Fig. 4 shows the weights of each evaluation perspective used to evaluate the platform. It is shown by respondents in the stakeholder group related to DataON platform. The consistency index that shows whether respondents consistently responded to the weighting survey by evaluation point of view is as follows. The administrator group responded most consistently with a consistency index average of 0.04. The developer and funder groups responded consistently, following the administrator group, with a consistency index average of 0.05. On the other hand, the average of the consistency index of the researchergroup was 0.08, which is a big difference from other groups. This is due to the slightly higher 0.127 consistency index that a researcher responded to.
Fig. 4. Weights for the evaluation perspectives for evaluating the platform by stakeholder groups related to the DataON platform. D, developer; A, administrator; R, researcher; F, funder.
Table 3 shows the weights of the evaluation points for evaluating the platform by the group of questionnaire respondents in the stakeholder group related to the DataON platform, in tones of color. The darker the purple, the higher the weight. The closer to red, the lower the weight. White is close to the middle of the weight. The developer group assigned the highest weight of 26.4% to the collection quality point of view, followed by the next highest weight of 20.9% to the user feedback solicitation point of view. The lowest weight gave 13.8% to the system performance efficiency perspective. The administrator group gave 28.7% of the top weight to the collection quality perspective, followed by 26.7% of the next highest weight to the interface usability perspective. As the lowest weight, 10.2% was given to the viewpoint of user feedback solicitation, which was given the second highest weight in the developer group.

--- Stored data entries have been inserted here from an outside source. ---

Lemma Rabs_lsum_le_length l f K : (forall x, In x l -> Rabs (f x) <= K) ->
  Rabs (lsum l f) <= INR (length l) * K.
Proof.
  intros H. eapply Rle_trans. apply Rabs_lsum_le.
  induction l as [|a l IHl]. simpl; lra.
  change (length (a :: l)) with (S (length l)). rewrite S_INR. rewrite lsum_cons. pose proof (H a (or_introl eq_refl)).
  pose proof (IHl (fun y h => H y (or_intror h))). lra.
Qed.

Lemma lsum_single l f y : NoDup l -> In y l -> (forall x, In x l -> x <> y -> f x = 0) ->
  lsum l f = f y.
Proof.
  induction l; simpl; intros Hn Hy H. destruct Hy. inversion Hn; subst.
  destruct Hy as [<-|Hy].
  - rewrite (lsum_ext l f (fun _ => 0)), lsum_0. lra.
    intros x Hx. apply H; auto. intros ->; tauto.
  - rewrite H, IHl; auto. lra. intros ->; tauto.
Qed.

End ListSums.

Lemma lsum_comm {A B} (l1 : list A) (l2 : list B) f :
  lsum l1 (fun x => lsum l2 (fun y => f x y)) = lsum l2 (fun y => lsum l1 (fun x => f x y)).
Proof. induction l1; simpl. rewrite lsum_0; auto. rewrite IHl1, <- lsum_add. auto. Qed.

Section EuclideanNorm.
Context {A : Type}.
Implicit Types (l : list A) (f g : A -> R).

Definition l2norm l f : R := sqrt (lsum l (fun x => f x ^ 2)).

Lemma lsum_sqr_ge0 l f : 0 <= lsum l (fun x => f x ^ 2).
Proof. apply lsum_ge0; intros; nra. Qed.

Lemma l2norm_ext l f g : (forall x, In x l -> f x = g x) -> l2norm l f = l2norm l g.
Proof. intros H; unfold l2norm; f_equal; apply lsum_ext; intros; rewrite H; auto. Qed.

Lemma l2norm_0 l : l2norm l (fun _ => 0) = 0.
Proof. unfold l2norm. rewrite (lsum_ext l _ (fun _ => 0)), lsum_0, sqrt_0; auto. intros; ring. Qed.

Lemma l2norm_scal l k f : l2norm l (fun x => k * f x) = Rabs k * l2norm l f.
Proof.
  unfold l2norm. rewrite (lsum_ext l _ (fun x => k ^ 2 * f x ^ 2)) by (intros; ring).
  rewrite lsum_scal, sqrt_mult_alt by nra. f_equal.
  rewrite <- sqrt_Rsqr_abs. unfold Rsqr. f_equal; ring.
Qed.

Lemma Rabs_le_l2norm l f x : In x l -> Rabs (f x) <= l2norm l f.
Proof.
  intros Hx. unfold l2norm. rewrite <- sqrt_Rsqr_abs. apply sqrt_le_1_alt.
  unfold Rsqr. replace (f x * f x) with (f x ^ 2) by ring.
  apply (lsum_ge_term l (fun y => f y ^ 2)); auto. intros; nra.
Qed.

Lemma l2norm_eq0 l f : l2norm l f = 0 -> forall x, In x l -> f x = 0.
Proof.
  intros H x Hx. pose proof (Rabs_le_l2norm l f x Hx) as Hle. rewrite H in Hle.
  destruct (Req_dec (f x) 0) as [|Hne]; auto.
  pose proof (Rabs_pos_lt _ Hne). lra.
Qed.

Lemma Cauchy_Schwarz l f g :
  lsum l (fun x => f x * g x) ^ 2 <= lsum l (fun x => f x ^ 2) * lsum l (fun x => g x ^ 2).
Proof.
  induction l as [|a l IHl]. simpl; nra. rewrite !lsum_cons.
  set (C := lsum l (fun x => f x * g x)) in *. set (P := lsum l (fun x => f x ^ 2)) in *.
  set (Q := lsum l (fun x => g x ^ 2)) in *.
  assert (0 <= P) by apply lsum_sqr_ge0. assert (0 <= Q) by apply lsum_sqr_ge0.
  set (x := f a) in *. set (y := g a). clearbody C P Q x y.
  enough (2 * x * y * C <= x ^ 2 * Q + y ^ 2 * P) by nra.
  destruct (Req_dec P 0) as [HP|HP].
  - assert (C = 0) by (rewrite HP in IHl; nra). subst. nra.
  -     assert (0 <= P * (x ^ 2 * Q + y ^ 2 * P - 2 * x * y * C)).
    { replace (P * (x ^ 2 * Q + y ^ 2 * P - 2 * x * y * C))
        with (x ^ 2 * (P * Q - C ^ 2) + (x * C - y * P) ^ 2) by ring.
      apply Rplus_le_le_0_compat; [apply Rmult_le_pos; [apply pow2_ge_0|lra]|apply pow2_ge_0]. }
    assert (0 < P) by lra. nra.
Qed.

Lemma l2norm_add_le l f g : l2norm l (fun x => f x + g x) <= l2norm l f + l2norm l g.
Proof.
  unfold l2norm.
  pose proof (lsum_sqr_ge0 l f) as Hf. pose proof (lsum_sqr_ge0 l g) as Hg.
  pose proof (sqrt_pos (lsum l (fun x => f x ^ 2))). pose proof (sqrt_pos (lsum l (fun x => g x ^ 2))).
  apply Rsqr_incr_0_var; [|lra].
  rewrite Rsqr_sqrt by apply lsum_sqr_ge0.
  rewrite (lsum_ext l _ (fun x => f x ^ 2 + (2 * (f x * g x) + g x ^ 2))) by (intros; ring).
  rewrite !lsum_add, lsum_scal.
  assert (lsum l (fun x => f x * g x) <=
          sqrt (lsum l (fun x => f x ^ 2)) * sqrt (lsum l (fun x => g x ^ 2))).
  { rewrite <- sqrt_mult_alt by auto.
    destruct (Rle_dec (lsum l (fun x => f x * g x)) 0).
    - pose proof (sqrt_pos (lsum l (fun x => f x ^ 2) * lsum l (fun x => g x ^ 2))). lra.
    - rewrite <- (sqrt_pow2 (lsum l (fun x => f x * g x))) by lra.
      apply sqrt_le_1_alt, Cauchy_Schwarz. }
  pose proof (Rsqr_sqrt _ Hf). pose proof (Rsqr_sqrt _ Hg). unfold Rsqr in *. nra.
Qed.

Lemma l2norm_le_l1 l f : l2norm l f <= lsum l (fun x => Rabs (f x)).
Proof.
  assert (H1 : 0 <= lsum l (fun x => Rabs (f x))) by (apply lsum_ge0; intros; apply Rabs_pos).
  assert (H2 : lsum l (fun x => f x ^ 2) <= lsum l (fun x => Rabs (f x)) ^ 2).
  { induction l as [|a l IHl]. simpl; nra. rewrite !lsum_cons.
    assert (0 <= lsum l (fun x => Rabs (f x))) by (apply lsum_ge0; intros; apply Rabs_pos).
    pose proof (Rabs_pos (f a)). rewrite <- (pow2_abs (f a)). nra. }
  unfold l2norm. rewrite <- (sqrt_pow2 _ H1). apply sqrt_le_1_alt, H2.
Qed.

End EuclideanNorm.

Lemma l2norm_lsum_le {A B} (L : list A) (I : list B) v :
  l2norm L (fun b => lsum I (fun i => v i b)) <= lsum I (fun i => l2norm L (v i)).
Proof.
  induction I; simpl.
  - rewrite l2norm_0. lra.
  - eapply Rle_trans. apply (l2norm_add_le L (v a) (fun b => lsum I (fun i => v i b))). lra.
Qed.

Lemma Rsup_is_lub (E : R -> Prop) : bound E -> (exists x, E x) -> is_lub E (Rsup E).
Proof.
  intros Hb He. unfold Rsup. apply epsilon_spec.
  destruct (completeness E Hb He) as [m Hm]. eauto.
Qed.

Definition mx_apply (cols : list (list nat)) (M : list nat -> list nat -> R) (v : tensor) : tensor :=
  fun b => lsum cols (fun c => M b c * v c).

Definition spec_values (rows cols : list (list nat)) (M : list nat -> list nat -> R) (r : R) :=
  exists x : tensor, l2norm cols x <= 1 /\ r = l2norm rows (mx_apply cols M x).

Table 3. Evaluation point weight of each group, expressed in tones
D, developer; A, administrator; R, researcher; F, funder; Avg., average
All DARF groups gave the highest weights in terms of collection quality. The administrator, researcher, and funder groups, except the developer group, gave the next highest weight to the interface usability perspective. Only the developer group gave the next highest weight to the user feedback solicitation perspective. In contrast, the administrator, researcher, and funder groups gave the lowest weight to the user feedback solicitation perspective.
Fig. 5 shows the weighted data of each stakeholder group by evaluation perspective. Collection quality has the highest weight with 27%. Interface usability is then weighted 22%. Subsequently, service quality is weighted 19%, and finally system performance efficiency and user feedback solicitation are equally weighted 16%.
Fig. 5. Weights for platform assessment perspectives by interest group.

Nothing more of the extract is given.